I think the slope of the roofline model at the left of the graph where we are bandwidth bound is the memory bandwidth, measured in gigabytes/second. Algebraically, this is derived from dividing the units of the axes to get (GFlops/s)/(Flops/Byte) = (1Bil Flops/s)*(Byte/Flops) = 1 Bil Bytes / Second = GB/s.
So slope = (y1-y2)/(x1-x2) = (18-4)/(1-1/4) = 14/0.75 = 18.7 GB/sec Bandwidth. And slope is constant for a line. And Bandwidth is a hardware imposed constant number. So it would make sense?
Great job!
This was a really interesting and useful way to understand the regions of computation where programs are either bandwidth or compute limited. One way to think about this is that if increasing operational intensity increases the attainable GFlops/s, the program is bandwidth bound as increasing arithmetic intensity helps reduce the frequency of memory accesses (and can cover gaps due to bandwidth). However, if increasing operational intensity results in no increase in attainable GFlops/s, the program is compute limited as our ability to perform the operations is capped.
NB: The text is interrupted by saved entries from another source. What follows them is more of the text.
(* Let $G=(V,E)$ be a strongly biconnected directed graph, let $t\ge 1$, and let $w_0,w_1,\ldots,w_t$ be pairwise distinct vertices of $G$ such that $w_0 \overset{e}{\leftrightsquigarrow} w_t$ and $w_{i-1} \overset{e}{\leftrightsquigarrow} w_i$ for every $i\in\{1,2,\ldots,t\}$. Then $\{w_0,w_1,\ldots,w_t\}$ is contained in some $2$-edge-biconnected block of $G$.
   Context: All graphs are finite. A directed graph $H$ is strongly biconnected if $H$ is strongly connected and its underlying undirected graph is biconnected. A strongly biconnected component of a directed graph $H=(W,F)$ is a maximal vertex subset $C\subseteq W$ such that the induced subgraph $H[C]$ is strongly biconnected. For a strongly biconnected directed graph $G=(V,E)$ and an edge $b\in E$, $G\setminus\{b\}=(V,E\setminus\{b\})$. For distinct $x,y\in V$, write $x \overset{e}{\leftrightsquigarrow} y$ if for every edge $b\in E$ there is a strongly biconnected component of $G\setminus\{b\}$ containing both $x$ and $y$. A $2$-edge-biconnected block of $G$ is a maximal vertex subset $U\subseteq V$ with $|U|>1$ such that $x \overset{e}{\leftrightsquigarrow} y$ for all distinct $x,y\in U$. *)

(* A finite directed graph is a finType V of vertices
   together with an edge set E : {set V * V} (edge (x,y) goes from x to y). *)
From mathcomp Require Import all_boot.
Set Implicit Arguments. Unset Strict Implicit. Unset Printing Implicit Defensive.

Section Graphs.
Variable V : finType.

Definition dadj (F : {set V * V}) (C : {set V}) : rel V :=
  fun a b => [&& (a, b) \in F, a \in C & b \in C].

Definition uadj (F : {set V * V}) (C : {set V}) : rel V :=
  fun a b => [&& ((a, b) \in F) || ((b, a) \in F), a \in C & b \in C].

Definition strongly_connected (F : {set V * V}) (C : {set V}) : Prop :=
  forall x y, x \in C -> y \in C -> connect (dadj F C) x y.

Definition uconnected (F : {set V * V}) (C : {set V}) : Prop :=
  forall x y, x \in C -> y \in C -> connect (uadj F C) x y.

Definition ubiconnected (F : {set V * V}) (C : {set V}) : Prop :=
  uconnected F C /\ forall v, v \in C -> uconnected F (C :\ v).

Definition strongly_biconnected (F : {set V * V}) (C : {set V}) : Prop :=
  strongly_connected F C /\ ubiconnected F C.

Definition sb_component (F : {set V * V}) (C : {set V}) : Prop :=
  strongly_biconnected F C /\
  forall D : {set V}, C \subset D -> strongly_biconnected F D -> D = C.

Definition e_rel (E : {set V * V}) (x y : V) : Prop :=
  forall b, b \in E ->
    exists C : {set V}, [/\ sb_component (E :\ b) C, x \in C & y \in C].

Definition two_edge_biconnected_set (E : {set V * V}) (U : {set V}) : Prop :=
  1 < #|U| /\ forall x y, x \in U -> y \in U -> x != y -> e_rel E x y.

Definition two_edge_biconnected_block (E : {set V * V}) (U : {set V}) : Prop :=
  two_edge_biconnected_set E U /\
  forall U' : {set V}, U \subset U' -> two_edge_biconnected_set E U' -> U' = U.

End Graphs.

(* Fix an edge b.  The hypotheses give strongly biconnected components
   C_0 ∋ w_0, w_t and C_i ∋ w_(i-1), w_i (1 <= i <= t) of G \ b.  These sets
   form a closed chain whose consecutive members are glued at the pairwise
   distinct vertices w_0, ..., w_t.  The heart of the proof is that the union
   D of such a chain is again strongly biconnected: it is strongly connected
   because every C_i is and the gluing vertices link them, and removing one
   vertex v cuts at most one of the t+1 gluing points, so every remaining
   vertex still reaches w_0 or w_t, which are themselves linked inside C_0.
   By maximality of the component C_0 we get D = C_0, hence every w_k lies in
   the component of G \ b containing w_0.  Thus any two of the w_k are
   e-related, i.e. {w_0, ..., w_t} is a 2-edge-biconnected set, and it
   extends to a maximal one, a block, since V is finite. *)

From Stdlib Require Import Classical.
From mathcomp Require Import all_boot.
From mathcomp Require Import zify.

Set Implicit Arguments. Unset Strict Implicit. Unset Printing Implicit Defensive.

Section InducedConnectivity.
Variables (V : finType) (F : {set V * V}).

Lemma connect_dadj_sub (C D : {set V}) x y : C \subset D ->
  connect (dadj F C) x y -> connect (dadj F D) x y.
Proof.
move=> sCD; apply: connect_sub x y => a b /and3P[ab aC bC]; apply: connect1.
by rewrite /dadj ab (subsetP sCD _ aC) (subsetP sCD _ bC).
Qed.

Lemma connect_uadj_sub (C D : {set V}) x y : C \subset D ->
  connect (uadj F C) x y -> connect (uadj F D) x y.
Proof.
move=> sCD; apply: connect_sub x y => a b /and3P[ab aC bC]; apply: connect1.
by rewrite /uadj ab (subsetP sCD _ aC) (subsetP sCD _ bC).
Qed.

Lemma strongly_connected_uconnected (C : {set V}) :
  strongly_connected F C -> uconnected F C.
Proof.
move=> scC x y xC yC; apply: connect_sub (scC x y xC yC) => a b /and3P[ab aC bC].
by apply: connect1; rewrite /uadj ab aC bC.
Qed.

Lemma uadj_connect_sym (C : {set V}) : connect_sym (uadj F C).
Proof.
apply: sym_connect_sym => a b; rewrite /uadj orbC.
by congr (_ && _); apply: andbC.
Qed.

End InducedConnectivity.

Section ChainUnion.
Variables (V : finType) (F : {set V * V}) (t : nat).
Variables (w : nat -> V) (C : nat -> {set V}).
Hypothesis t_gt0 : 1 <= t.
Hypothesis C_sb : forall i, i <= t -> strongly_biconnected F (C i).
Hypothesis w0_C0 : w 0 \in C 0.
Hypothesis wt_C0 : w t \in C 0.
Hypothesis w_glue : forall i, 1 <= i <= t -> w i.-1 \in C i /\ w i \in C i.
Hypothesis w_inj : forall i j, i <= t -> j <= t -> w i = w j -> i = j.

Definition chain_union : {set V} := \bigcup_(i < t.+1) C i.

Lemma chain_union_sub i : i <= t -> C i \subset chain_union.
Proof.
by move=> it; apply/subsetP=> x xC; apply/bigcupP; exists (Ordinal (n := t.+1) it).
Qed.

Lemma chain_unionP x : x \in chain_union -> exists2 i, i <= t & x \in C i.
Proof. by case/bigcupP=> i _ xC; exists (val i); first exact: (ltn_ord i). Qed.

Lemma w_glue_succ k : k < t -> w k \in C k.+1 /\ w k.+1 \in C k.+1.
Proof. exact: (w_glue (i := k.+1)). Qed.

Lemma w_in_C k : k <= t -> w k \in C k.
Proof. by case: k => [|k] kt //; case: (w_glue_succ kt). Qed.

Lemma w0_linked k : k <= t ->
  connect (dadj F chain_union) (w 0) (w k) /\
  connect (dadj F chain_union) (w k) (w 0).
Proof.
elim: k => [|k IH] kt; first by split; apply: connect0.
have [to_k from_k] := IH (ltnW kt).
have [wk_C wk1_C] := w_glue_succ kt.
have [scC _] := C_sb kt.
have inC x y : x \in C k.+1 -> y \in C k.+1 -> connect (dadj F chain_union) x y.
  by move=> xC yC; apply: connect_dadj_sub (chain_union_sub kt) (scC x y xC yC).
by split; [apply: connect_trans to_k (inC _ _ _ _) | apply: connect_trans (inC _ _ _ _) from_k].
Qed.

(* Any two vertices of the union are linked through w_0. *)
Lemma chain_union_strongly_connected : strongly_connected F chain_union.
Proof.
move=> x y /chain_unionP[i it xC] /chain_unionP[j jt yC].
have [scCi _] := C_sb it; have [scCj _] := C_sb jt.
apply: (@connect_trans _ _ (w i)).
  exact: connect_dadj_sub (chain_union_sub it) (scCi _ _ xC (w_in_C it)).
apply: (@connect_trans _ _ (w 0)); first by case: (w0_linked it).
apply: (@connect_trans _ _ (w j)); first by case: (w0_linked jt).
exact: connect_dadj_sub (chain_union_sub jt) (scCj _ _ (w_in_C jt) yC).
Qed.

Section RemoveVertex.
Variable v : V.
Local Notation linked := (connect (uadj F (chain_union :\ v))).

(* Two vertices of one C_i other than v stay linked after removing v:
   either v lies in C_i, which has no articulation point, or C_i is
   untouched. *)
Lemma linked_in_C i x y : i <= t -> x \in C i -> y \in C i ->
  x != v -> y != v -> linked x y.
Proof.
move=> it xC yC xv yv; have [scC [_ noart]] := C_sb it.
have [vC | vNC] := boolP (v \in C i).
  apply: connect_uadj_sub (setSD _ (chain_union_sub it)) _.
  by apply: noart; rewrite // in_setD1 ?xv ?yv.
apply: (connect_uadj_sub _ (strongly_connected_uconnected scC xC yC)).
apply/subsetP=> z zC; rewrite in_setD1 (subsetP (chain_union_sub it) _ zC) andbT.
by apply: contraNneq vNC => <-.
Qed.

Lemma linked_prefix k : k <= t -> (forall i, i <= k -> w i != v) ->
  linked (w 0) (w k).
Proof.
elim: k => [|k IH] kt wv; first exact: connect0.
apply: connect_trans (IH (ltnW kt) (fun i ik => wv i (leqW ik))) _.
have [wk_C wk1_C] := w_glue_succ kt.
exact: linked_in_C kt wk_C wk1_C (wv _ (leqnSn k)) (wv _ (leqnn _)).
Qed.

Lemma linked_suffix d k : k + d = t -> (forall i, k <= i <= t -> w i != v) ->
  linked (w k) (w t).
Proof.
elim: d k => [|d IH] k kdt wv; first by rewrite -kdt addn0; apply: connect0.
have k_lt_t : k < t by lia.
apply: connect_trans (IH k.+1 _ _); [|lia|by move=> i ikt; apply: wv; lia].
have [wk_C wk1_C] := w_glue_succ k_lt_t.
by apply: linked_in_C k_lt_t wk_C wk1_C (wv _ _) (wv _ _); lia.
Qed.

(* Since v is at most one of the w_i, every w_k other than v is linked to an
   endpoint w_0 or w_t that is itself different from v. *)
Lemma linked_to_endpoint k : k <= t -> w k != v ->
  (w 0 != v /\ linked (w k) (w 0)) \/ (w t != v /\ linked (w k) (w t)).
Proof.
move=> kt wkv.
have [/existsP[i /eqP wiv] | /existsPn before_k] := boolP [exists i : 'I_k.+1, w i == v].
  have after_k j : k <= j <= t -> w j != v.
    case/andP=> kj jt; apply: contra_neq wkv => wjv.
    have ik : i <= k by rewrite -ltnS.
    have ij := w_inj (leq_trans ik kt) jt (etrans wiv (esym wjv)).
    by have -> : k = j by lia.
  right; split; first by apply: after_k; rewrite kt leqnn.
  by apply: (@linked_suffix (t - k)); first lia.
have before j : j <= k -> w j != v by move=> jk; exact: (before_k (Ordinal (n := k.+1) jk)).
by left; split; [apply: before | rewrite uadj_connect_sym; apply: linked_prefix].
Qed.

(* Each C_i contains some w_k different from v, as it contains two distinct w's. *)
Lemma C_has_w_avoiding i : i <= t -> exists2 k, k <= t & (w k \in C i) && (w k != v).
Proof.
move=> it.
suff two a b : a <= t -> b <= t -> a != b -> w a \in C i -> w b \in C i ->
    exists2 k, k <= t & (w k \in C i) && (w k != v).
  move: two; case: i it => [|i] it two; first by apply: (two 0 t) => //; rewrite eq_sym -lt0n.
  have [wi_C wi1_C] := w_glue_succ it.
  by apply: (two i i.+1) => //; [exact: ltnW | rewrite neq_ltn ltnSn].
move=> at_ bt ab waC wbC.
have [wav | wav] := eqVneq (w a) v; last by exists a; rewrite ?waC.
exists b; rewrite // wbC; apply: contra_neq ab => wbv.
by apply: w_inj; rewrite // wav wbv.
Qed.

Lemma linked_from_union x : x \in chain_union :\ v ->
  (w 0 != v /\ linked x (w 0)) \/ (w t != v /\ linked x (w t)).
Proof.
rewrite in_setD1 => /andP[xv /chain_unionP[i it xC]].
have [k kt /andP[wkC wkv]] := C_has_w_avoiding it.
have x_wk := linked_in_C it xC wkC xv wkv.
by case: (linked_to_endpoint kt wkv) => -[nv wk_end]; [left | right];
  split=> //; apply: connect_trans x_wk wk_end.
Qed.

(* The endpoints w_0, w_t are linked inside C_0, so removing v from the
   union leaves it connected. *)
Lemma chain_union_minus_uconnected : uconnected F (chain_union :\ v).
Proof.
move=> x y xD yD.
have ends : w 0 != v -> w t != v -> linked (w 0) (w t).
  exact: linked_in_C (leq0n t) w0_C0 wt_C0.
have y_ends : (w 0 != v /\ linked (w 0) y) \/ (w t != v /\ linked (w t) y).
  by rewrite !(uadj_connect_sym _ _ _ y); apply: linked_from_union.
have [[n0 x0] | [nt xt]] := linked_from_union xD;
  case: y_ends => -[nv y_end]; apply: connect_trans _ y_end.
- exact: x0.
- exact: connect_trans x0 (ends n0 nv).
- by apply: connect_trans xt _; rewrite uadj_connect_sym; apply: ends.
- exact: xt.
Qed.

End RemoveVertex.

Lemma chain_union_strongly_biconnected : strongly_biconnected F chain_union.
Proof.
have scD := chain_union_strongly_connected.
split=> //; split; first exact: strongly_connected_uconnected.
by move=> v _; apply: chain_union_minus_uconnected.
Qed.

End ChainUnion.

Lemma finite_choice (T : Type) (x0 : T) (P : nat -> T -> Prop) n :
  (forall i, i <= n -> exists x, P i x) ->
  exists f : nat -> T, forall i, i <= n -> P i (f i).
Proof.
elim: n => [|n IH] exP.
  by have [x Px] := exP 0 (leqnn 0); exists (fun=> x) => -[].
have [f Pf] := IH (fun i i_n => exP i (leqW i_n)).
have [x Px] := exP n.+1 (leqnn _).
exists (fun i => if i == n.+1 then x else f i) => i; rewrite leq_eqVlt.
by case: eqP => [-> | _ /= ilt]; last exact: Pf.
Qed.

Lemma maximal_extension (V : finType) (P : {set V} -> Prop) (U0 : {set V}) :
  P U0 -> exists U : {set V}, [/\ U0 \subset U, P U &
    forall U' : {set V}, U \subset U' -> P U' -> U' = U].
Proof.
move: {2}(#|V| - #|U0|) (leqnn (#|V| - #|U0|)) => n.
elim: n U0 => [|n IH] U0 room PU0.
  exists U0; split=> // U' sU0U' _; apply/esym/eqP; rewrite eqEcard sU0U' /=.
  by have : #|U'| <= #|V| := max_card _; lia.
have [[U' [sU0U' PU' neU']] | no_ext] :=
  classic (exists U' : {set V}, [/\ U0 \subset U', P U' & U' != U0]).
  have ltU0U' : #|U0| < #|U'| by rewrite proper_card // properEneq sU0U' eq_sym neU'.
  have U'V : #|U'| <= #|V| := max_card _.
  have [U [sU'U PU maxU]] := IH U' ltac:(lia) PU'.
  by exists U; split=> //; apply: subset_trans sU'U.
exists U0; split=> // U' sU0U' PU'; apply/eqP/negPn/negP => neU'.
by apply: no_ext; exists U'.
Qed.

(* If w_0, ..., w_t are pairwise distinct, w_0 and w_t share a strongly
   biconnected component C_0 of (V, F), and each consecutive pair shares one,
   then C_0 contains the whole chain: the union of the components is
   strongly biconnected and contains C_0, so it equals C_0 by maximality. *)
Lemma sb_component_contains_chain (V : finType) (F : {set V * V}) t (w : nat -> V)
    (C0 : {set V}) :
  1 <= t -> (forall i j, i <= t -> j <= t -> w i = w j -> i = j) ->
  sb_component F C0 -> w 0 \in C0 -> w t \in C0 ->
  (forall i, 1 <= i <= t ->
     exists Ci : {set V}, [/\ sb_component F Ci, w i.-1 \in Ci & w i \in Ci]) ->
  forall k, k <= t -> w k \in C0.
Proof.
move=> t_gt0 w_inj [C0_sb C0_max] w0_C0 wt_C0 exC.
pose good i (Ci : {set V}) :=
  if i is 0 then Ci = C0 else [/\ sb_component F Ci, w i.-1 \in Ci & w i \in Ci].
have [C C_good] : exists C : nat -> {set V}, forall i, i <= t -> good i (C i).
  by apply: (finite_choice set0) => -[|i] it; [exists C0 | apply: exC].
have C0E : C 0 = C0 := C_good 0 (leq0n t).
have C_sb i : i <= t -> strongly_biconnected F (C i).
  by case: i => [|i] /C_good; [move->| case=> -[]].
have w_glue i : 1 <= i <= t -> w i.-1 \in C i /\ w i \in C i.
  by case: i => [|i] // /andP[_ /C_good[]].
rewrite -C0E in w0_C0 wt_C0.
have D_sb := chain_union_strongly_biconnected t_gt0 C_sb w0_C0 wt_C0 w_glue w_inj.
have DE : chain_union t C = C0.
  by apply: C0_max D_sb; rewrite -C0E; exact: chain_union_sub.
move=> k kt; rewrite -DE; apply: (subsetP (chain_union_sub C kt)).
exact: (w_in_C w0_C0 w_glue kt).
Qed.

Theorem mainTheorem3 (V : finType) (E : {set V * V}) (t : nat) (w : nat -> V) :
  strongly_biconnected E [set: V] ->
  1 <= t ->
  (forall i j, i <= t -> j <= t -> w i = w j -> i = j) ->
  e_rel E (w 0) (w t) ->
  (forall i, 1 <= i <= t -> e_rel E (w i.-1) (w i)) ->
  exists U : {set V}, two_edge_biconnected_block E U /\
    forall i, i <= t -> w i \in U.
Proof.
move=> _ t_gt0 w_inj w0_wt w_steps.
pose W := [set w (val i) | i : 'I_t.+1].
have W_w k : k <= t -> w k \in W by move=> kt; apply/imsetP; exists (Ordinal (n := t.+1) kt).
have W_set : two_edge_biconnected_set E W.
  split.
    apply/card_gt1P; exists (w 0), (w t); rewrite !W_w //; split=> //.
    by apply/eqP=> /(w_inj 0 t (leq0n t) (leqnn t)); lia.
  move=> _ _ /imsetP[i _ ->] /imsetP[j _ ->] _ b bE.
  have [C0 [C0_sb w0_C0 wt_C0]] := w0_wt b bE.
  have chain := sb_component_contains_chain t_gt0 w_inj C0_sb w0_C0 wt_C0
    (fun k kt => w_steps k kt b bE).
  by exists C0; split=> //; apply: chain; rewrite -ltnS ltn_ord.
have [U [sWU U_set U_max]] := maximal_extension W_set.
exists U; split; first by split.
by move=> k kt; apply: (subsetP sWU); apply: W_w.
Qed.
I've heard that scaling of memory systems is much slower than compute scaling, does that mean that programs are increasingly becoming bandwidth limited because it is hard increase the operational intensity of a program?
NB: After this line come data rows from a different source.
Theorem mainTheorem2 (n : nat) (X : RnSet n) :
  is_closed X -> ~ is_bounded X -> lipschitz_regular_at_infinity X ->
  exists K : RnSet n, is_compact K /\
    forall C : RnSet n, connected_component (setminus X K) C -> LNE C.
Proof.
  intros HX _ (k & K1 & K2 & f & [_ HK1] & [HK2c HK2b] & g & lam
              & Hlam & Hf & Hg & Hgf & Hfg & Hflip & Hglip).
  destruct (bounded_in_ball K1 HK1) as [R0 [HR0 HK1R]].
  exists (core X K2 g R0); split; [split|].
  - now apply (core_closed X K2 g lam R0).
  - now apply (core_bounded X K1 K2 f g lam R0).
  - intros C HC; now apply (component_LNE X K1 K2 f g lam R0).
Qed.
@alanda, I think when they say that memory doesn't scale, they are referring to memory latency, which is limited by the wire delays. On the other hand, as far as I know, memory BW has been growing at a decently high rate.
Please log in to leave a comment.
What is the general strategy for adjusting operational intensity? For a given application this seems pretty domain-specific.